### Data ###

Lemma two_class_split_mixture (R : realFieldType) (c p1 p2 t1 t2 t : R) :
  t = p1 * t1 + p2 * t2 -> 0 < c -> 0 < p1 -> 0 < p2 -> p1 + p2 = 1 ->
  0 < t1 -> 0 < t2 -> t1 != t2 ->
  two_class_split (p1 * t1 / t) (p2 * t2 / t) (c / t1) (c / t2) (c / t).
Proof.
move=> tE c_gt0 p1_gt0 p2_gt0 p1Dp2 t1_gt0 t2_gt0 t1_neq_t2.
have t_gt0 : 0 < t by rewrite tE addr_gt0 ?mulr_gt0.
split; rewrite ?divr_gt0 ?mulr_gt0 //.
- by rewrite -mulrDl -tE divff // lt0r_neq0.
- by apply: contra_neq t1_neq_t2 => /(mulfI (lt0r_neq0 c_gt0)) /invr_inj.
- have -> : p1 * t1 / t * (c / t1) + p2 * t2 / t * (c / t2) = (p1 + p2) * c / t.
    by rewrite tE; field; rewrite -tE !lt0r_neq0.
  by rewrite p1Dp2 mul1r.
Qed.

Lemma sgr_two_class_total_sub_xstar (R : realType)
    (alpha beta gamma p1 p2 m1 m2 mu x1 x2 : R) :
  0 < beta -> 0 < gamma -> 0 < alpha -> 0 < m1 -> 0 < m2 ->
  two_class_split p1 p2 m1 m2 mu -> 0 <= x1 -> 0 <= x2 ->
  alpha * p1 * m1 + beta * (x1 + x2) * (p1 - x1) - (gamma + m1) * x1 = 0 ->
  alpha * p2 * m2 + beta * (x1 + x2) * (p2 - x2) - (gamma + m2) * x2 = 0 ->
  Num.sg (x1 + x2 - xstar alpha beta gamma mu) = Num.sg (1 - gamma / beta - alpha).
Proof.
move=> beta_gt0 gamma_gt0 alpha_gt0 m1_gt0 m2_gt0 [p1_gt0 p2_gt0 p1Dp2 m1_neq_m2 ->].
move=> x1_ge0 x2_ge0 eq_x1 eq_x2.
have mu_gt0 : 0 < p1 * m1 + p2 * m2 by rewrite addr_gt0 ?mulr_gt0.
rewrite -opprB -[1 - _ - _]opprB !sgrN -sgr_sis_rhs ?addr_ge0 //.
by rewrite (sgr_sis_rhs_two_class_total beta_gt0 gamma_gt0 alpha_gt0 m1_gt0 m2_gt0).
Qed.

Lemma Rintegral_gt0 d (T : measurableType d) (R : realType)
    (mu : {measure set T -> \bar R}) (A : set T) (g : T -> R) :
  measurable A -> mu.-integrable A (EFin \o g) ->
  (forall x, A x -> 0 < g x) -> (0 < mu A)%E -> 0 < Rintegral mu A g.
Proof.
move=> mA intg g_gt0 muA_gt0.
rewrite lt_neqAle Rintegral_ge0 ?andbT; last by move=> x /g_gt0 /ltW.
apply/negP => /eqP Rint_g0.
have int_abs_g0 : (\int[mu]_(x in A) `|(EFin \o g) x| = 0)%E.
  rewrite -[RHS]/(0%:E) Rint_g0 fineK ?(integrable_fin_num mA intg) //.
  by apply: eq_integral => x /set_mem Ax /=; rewrite ger0_norm // ltW // g_gt0.
have [N [mN muN0 AN]] :=
  (ae_eq_integral_abs mu mA (measurable_int mu intg)).1 int_abs_g0.
suff : mu A = 0%E by move=> muA0; rewrite muA0 ltxx in muA_gt0.
apply: (subset_measure0 mA mN _ muN0) => x Ax; apply: AN => /= /(_ Ax) [].
by apply/eqP; rewrite gt_eqF // g_gt0.
Qed.

Lemma lt_Rintegral d (T : measurableType d) (R : realType)
    (mu : {measure set T -> \bar R}) (A : set T) (f g : T -> R) :
  measurable A -> mu.-integrable A (EFin \o f) -> mu.-integrable A (EFin \o g) ->
  (forall x, A x -> f x < g x) -> (0 < mu A)%E ->
  Rintegral mu A f < Rintegral mu A g.
Proof.
move=> mA intf intg fg muA_gt0; rewrite -subr_gt0 -RintegralB //.
apply: Rintegral_gt0 => // [|x /fg]; last by rewrite subr_gt0.
exact: eq_integrable (integrableB mA intg intf).
Qed.

Section ClassDecomposition.
Variables (R : realType) (q : probability R R) (rs : R).

Definition cls_mean (f : R -> R) (i : bool) : R :=
  Rintegral q (cls rs i) f / pcl q rs i.

Lemma measurable_cls i : measurable (cls rs i).
Proof. by case: i; exact: measurable_itv. Qed.

Lemma q_cls i : q (cls rs i) = (pcl q rs i)%:E.
Proof. by rewrite /pcl fineK // fin_num_measure //; exact: measurable_cls. Qed.

Lemma Rintegral_cls_cst i k : Rintegral q (cls rs i) (fun=> k) = k * pcl q rs i.
Proof. by rewrite Rintegral_cst //; exact: measurable_cls. Qed.

Lemma cls_mean_le i f k : q.-integrable (cls rs i) (EFin \o f) -> 0 < pcl q rs i ->
  (forall x, cls rs i x -> f x <= k) -> cls_mean f i <= k.
Proof.
move=> intf p_gt0 fk; rewrite ler_pdivrMr // -Rintegral_cls_cst.
apply: le_Rintegral => //; first exact: measurable_cls.
by apply: finite_measure_integrable_cst; exact: measurable_cls.
Qed.

Lemma cls_mean_ge i f k : q.-integrable (cls rs i) (EFin \o f) -> 0 < pcl q rs i ->
  (forall x, cls rs i x -> k <= f x) -> k <= cls_mean f i.
Proof.
move=> intf p_gt0 fk; rewrite ler_pdivlMr // -Rintegral_cls_cst.
apply: le_Rintegral => //; first exact: measurable_cls.
by apply: finite_measure_integrable_cst; exact: measurable_cls.
Qed.

Lemma cls_mean_lt i f k : q.-integrable (cls rs i) (EFin \o f) -> 0 < pcl q rs i ->
  (forall x, cls rs i x -> f x < k) -> cls_mean f i < k.
Proof.
move=> intf p_gt0 fk; rewrite ltr_pdivrMr // -Rintegral_cls_cst.
have q_gt0 : (0 < q (cls rs i))%E by rewrite q_cls lte_fin.
apply: lt_Rintegral q_gt0 => //; first exact: measurable_cls.
by apply: finite_measure_integrable_cst; exact: measurable_cls.
Qed.

Lemma cls_mean_gt i f k : q.-integrable (cls rs i) (EFin \o f) -> 0 < pcl q rs i ->
  (forall x, cls rs i x -> k < f x) -> k < cls_mean f i.
Proof.
move=> intf p_gt0 fk; rewrite ltr_pdivlMr // -Rintegral_cls_cst.
have q_gt0 : (0 < q (cls rs i))%E by rewrite q_cls lte_fin.
apply: lt_Rintegral q_gt0 => //; first exact: measurable_cls.
by apply: finite_measure_integrable_cst; exact: measurable_cls.
Qed.

Hypotheses (rs_gt0 : 0 < rs) (q_supp : supported_on_pos q).

Lemma cls_setU : cls rs true `|` cls rs false = `]0, +oo[%classic.
Proof. by rewrite -itv_bndbnd_setU // bnd_simp ltW. Qed.

Lemma cls_disjoint : [disjoint cls rs true & cls rs false].
Proof.
rewrite disj_set2E; apply/eqP/seteqP; split => x //= [].
by rewrite !in_itv /= andbT => /andP[_ x_le_rs] /(le_lt_trans x_le_rs); rewrite ltxx.
Qed.

Let q_nonpos0 : q `]-oo, 0]%classic = 0%E.
Proof. exact: q_supp. Qed.

Let setTD_nonpos : [set: R] `\` `]-oo, 0]%classic = `]0, +oo[%classic.
Proof. by rewrite setTD setCitvl. Qed.

Lemma pcl_add : pcl q rs true + pcl q rs false = 1.
Proof.
apply: EFin_inj; rewrite EFinD -!q_cls -measureU ?cls_setU; try exact: measurable_cls.
  by rewrite -setTD_nonpos setTD [LHS](probability_setC q) // q_nonpos0 sube0.
by move: cls_disjoint; rewrite disj_set2E => /eqP.
Qed.

Lemma Rintegral_cls_split f : measurable_fun setT f ->
  q.-integrable `]0, +oo[%classic (EFin \o f) ->
  0 < pcl q rs true -> 0 < pcl q rs false ->
  Rintegral q setT f =
    pcl q rs true * cls_mean f true + pcl q rs false * cls_mean f false.
Proof.
move=> mf intf p1_gt0 p2_gt0.
have intT : q.-integrable setT (EFin \o f).
  rewrite (negligible_integrable _ _ _ q_nonpos0) ?setTD_nonpos //.
  exact/measurable_EFinP.
rewrite /cls_mean [pcl q rs true * _]mulrC [pcl q rs false * _]mulrC.
rewrite !divfK ?lt0r_neq0 // -Rintegral_setU ?cls_setU //.
- by rewrite /Rintegral (negligible_integral _ _ intT q_nonpos0) ?setTD_nonpos.
- exact: measurable_cls.
- exact: measurable_cls.
- exact: cls_disjoint.
Qed.

End ClassDecomposition.

Lemma measurable_expR_decay (R : realType) (d : R) :
  measurable_fun setT (fun r : R => expR (- (d * r))).
Proof.
apply: measurableT_comp; first exact: measurable_expR.
by apply: measurableT_comp => //; exact: mulrl_measurable.
Qed.

Lemma integrable_expR_decay (R : realType) (q : probability R R) (d : R) : 0 <= d ->
  q.-integrable `]0, +oo[%classic (EFin \o (fun r => expR (- (d * r)))).
Proof.
move=> d_ge0; apply: measurable_bounded_integrable => //.
- by rewrite (le_lt_trans (probability_le1 _ _)) ?ltry.
- exact: measurable_funS (measurable_expR_decay d).
exists 1; split => // M M_gt1 x; rewrite /= in_itv andbT => x_gt0.
rewrite ger0_norm ?expR_ge0 // (le_trans _ (ltW M_gt1)) // expR_le1 oppr_le0.
by rewrite mulr_ge0 // ltW.
Qed.

Section RenewalRates.
Variables (R : realType) (q : probability R R) (rs : R).
Hypotheses (rs_gt0 : 0 < rs) (q_supp : supported_on_pos q).
Hypotheses (p1_gt0 : 0 < pcl q rs true) (p2_gt0 : 0 < pcl q rs false).

Lemma two_class_split_mean : finite_mean q ->
  0 < mu_in_cl q rs true 0 -> 0 < mu_in_cl q rs false 0 ->
  two_class_split (pi_cl q rs true 0) (pi_cl q rs false 0)
    (mu_in_cl q rs true 0) (mu_in_cl q rs false 0) (mu_in q 0).
Proof.
move=> q_mean; rewrite /mu_in_cl /pi_cl /mu_in eqxx.
have int_id A : measurable A -> q.-integrable A (EFin \o id).
  by move=> mA; apply: integrableS q_mean.
have int_cls i := int_id _ (measurable_cls rs i).
have TqE :
    Tq q = pcl q rs true * Tq_cl q rs true + pcl q rs false * Tq_cl q rs false.
  by apply: Rintegral_cls_split => //; exact: int_id (measurable_itv _).
have T1_le_rs : Tq_cl q rs true <= rs.
  apply: cls_mean_le (int_cls true) p1_gt0 _ => x.
  by rewrite /cls /= in_itv => /andP[].
have rs_lt_T2 : rs < Tq_cl q rs false.
  apply: cls_mean_gt (int_cls false) p2_gt0 _ => x.
  by rewrite /cls /= in_itv andbT.
move=> m1_gt0 m2_gt0.
have T1_gt0 : 0 < Tq_cl q rs true by rewrite -invr_gt0 -div1r.
have T2_gt0 : 0 < Tq_cl q rs false by rewrite -invr_gt0 -div1r.
apply: two_class_split_mixture TqE _ _ _ (pcl_add rs_gt0 q_supp) T1_gt0 T2_gt0 _
  => //.
by rewrite lt_eqF // (le_lt_trans T1_le_rs).
Qed.

Lemma two_class_split_laplace d : 0 < d ->
  0 < mu_in_cl q rs true d -> 0 < mu_in_cl q rs false d ->
  two_class_split (pi_cl q rs true d) (pi_cl q rs false d)
    (mu_in_cl q rs true d) (mu_in_cl q rs false d) (mu_in q d).
Proof.
move=> d_gt0; rewrite /mu_in_cl /pi_cl /mu_in gt_eqF //.
have int_cls i : q.-integrable (cls rs i) (EFin \o (fun r => expR (- (d * r)))).
  apply: integrableS (integrable_expR_decay q (ltW d_gt0)) => //.
    exact: measurable_cls.
  by rewrite -(cls_setU rs_gt0); case: i; [exact: subsetUl | exact: subsetUr].
have qhatE : qhat q d =
    pcl q rs true * qhat_cl q rs true d + pcl q rs false * qhat_cl q rs false d.
  apply: Rintegral_cls_split => //; first exact: measurable_expR_decay.
  exact/integrable_expR_decay/ltW.
have one_sub_qhatE : 1 - qhat q d = pcl q rs true * (1 - qhat_cl q rs true d)
                                    + pcl q rs false * (1 - qhat_cl q rs false d).
  by rewrite qhatE -[X in X - _](pcl_add rs_gt0 q_supp); ring.
have rs_le_Q1 : expR (- (d * rs)) <= qhat_cl q rs true d.
  apply: cls_mean_ge (int_cls true) p1_gt0 _ => x.
  rewrite /cls /= in_itv => /andP[_ x_le_rs].
  by rewrite ler_expR lerN2 ler_wpM2l // ltW.
have Q2_lt_rs : qhat_cl q rs false d < expR (- (d * rs)).
  apply: cls_mean_lt (int_cls false) p2_gt0 _ => x.
  rewrite /cls /= in_itv andbT => rs_lt_x.
  by rewrite ltr_expR ltrN2 ltr_pM2l.
move=> m1_gt0 m2_gt0.
have y1_gt0 : 0 < 1 - qhat_cl q rs true d.
  by move: m1_gt0; rewrite pmulr_rgt0 // invr_gt0.
have y2_gt0 : 0 < 1 - qhat_cl q rs false d.
  by move: m2_gt0; rewrite pmulr_rgt0 // invr_gt0.
apply: two_class_split_mixture one_sub_qhatE d_gt0 _ _ (pcl_add rs_gt0 q_supp)
  y1_gt0 y2_gt0 _ => //.
rewrite lt_eqF //; lra.
Qed.

Lemma two_class_split_renewal d : 0 <= d -> finite_mean q ->
  0 < mu_in_cl q rs true d -> 0 < mu_in_cl q rs false d ->
  two_class_split (pi_cl q rs true d) (pi_cl q rs false d)
    (mu_in_cl q rs true d) (mu_in_cl q rs false d) (mu_in q d).
Proof.
rewrite le_eqVlt => /predU1P[<- q_mean | d_gt0 _].
  exact: two_class_split_mean.
exact: two_class_split_laplace.
Qed.

End RenewalRates.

###

- Your goal
Retype only the lines above between the line with "Proof. by rewrite Rintegral_cst" and the line with "Lemma cls_mean_ge i", counting those two lines as well, and keep every character as it is.

- Exercise output
Proof. by rewrite Rintegral_cst //; exact: measurable_cls. Qed.

Lemma cls_mean_le i f k : q.-integrable (cls rs i) (EFin \o f) -> 0 < pcl q rs i ->
  (forall x, cls rs i x -> f x <= k) -> cls_mean f i <= k.
Proof.
move=> intf p_gt0 fk; rewrite ler_pdivrMr // -Rintegral_cls_cst.
apply: le_Rintegral => //; first exact: measurable_cls.
by apply: finite_measure_integrable_cst; exact: measurable_cls.
Qed.

Lemma cls_mean_ge i f k : q.-integrable (cls rs i) (EFin \o f) -> 0 < pcl q rs i ->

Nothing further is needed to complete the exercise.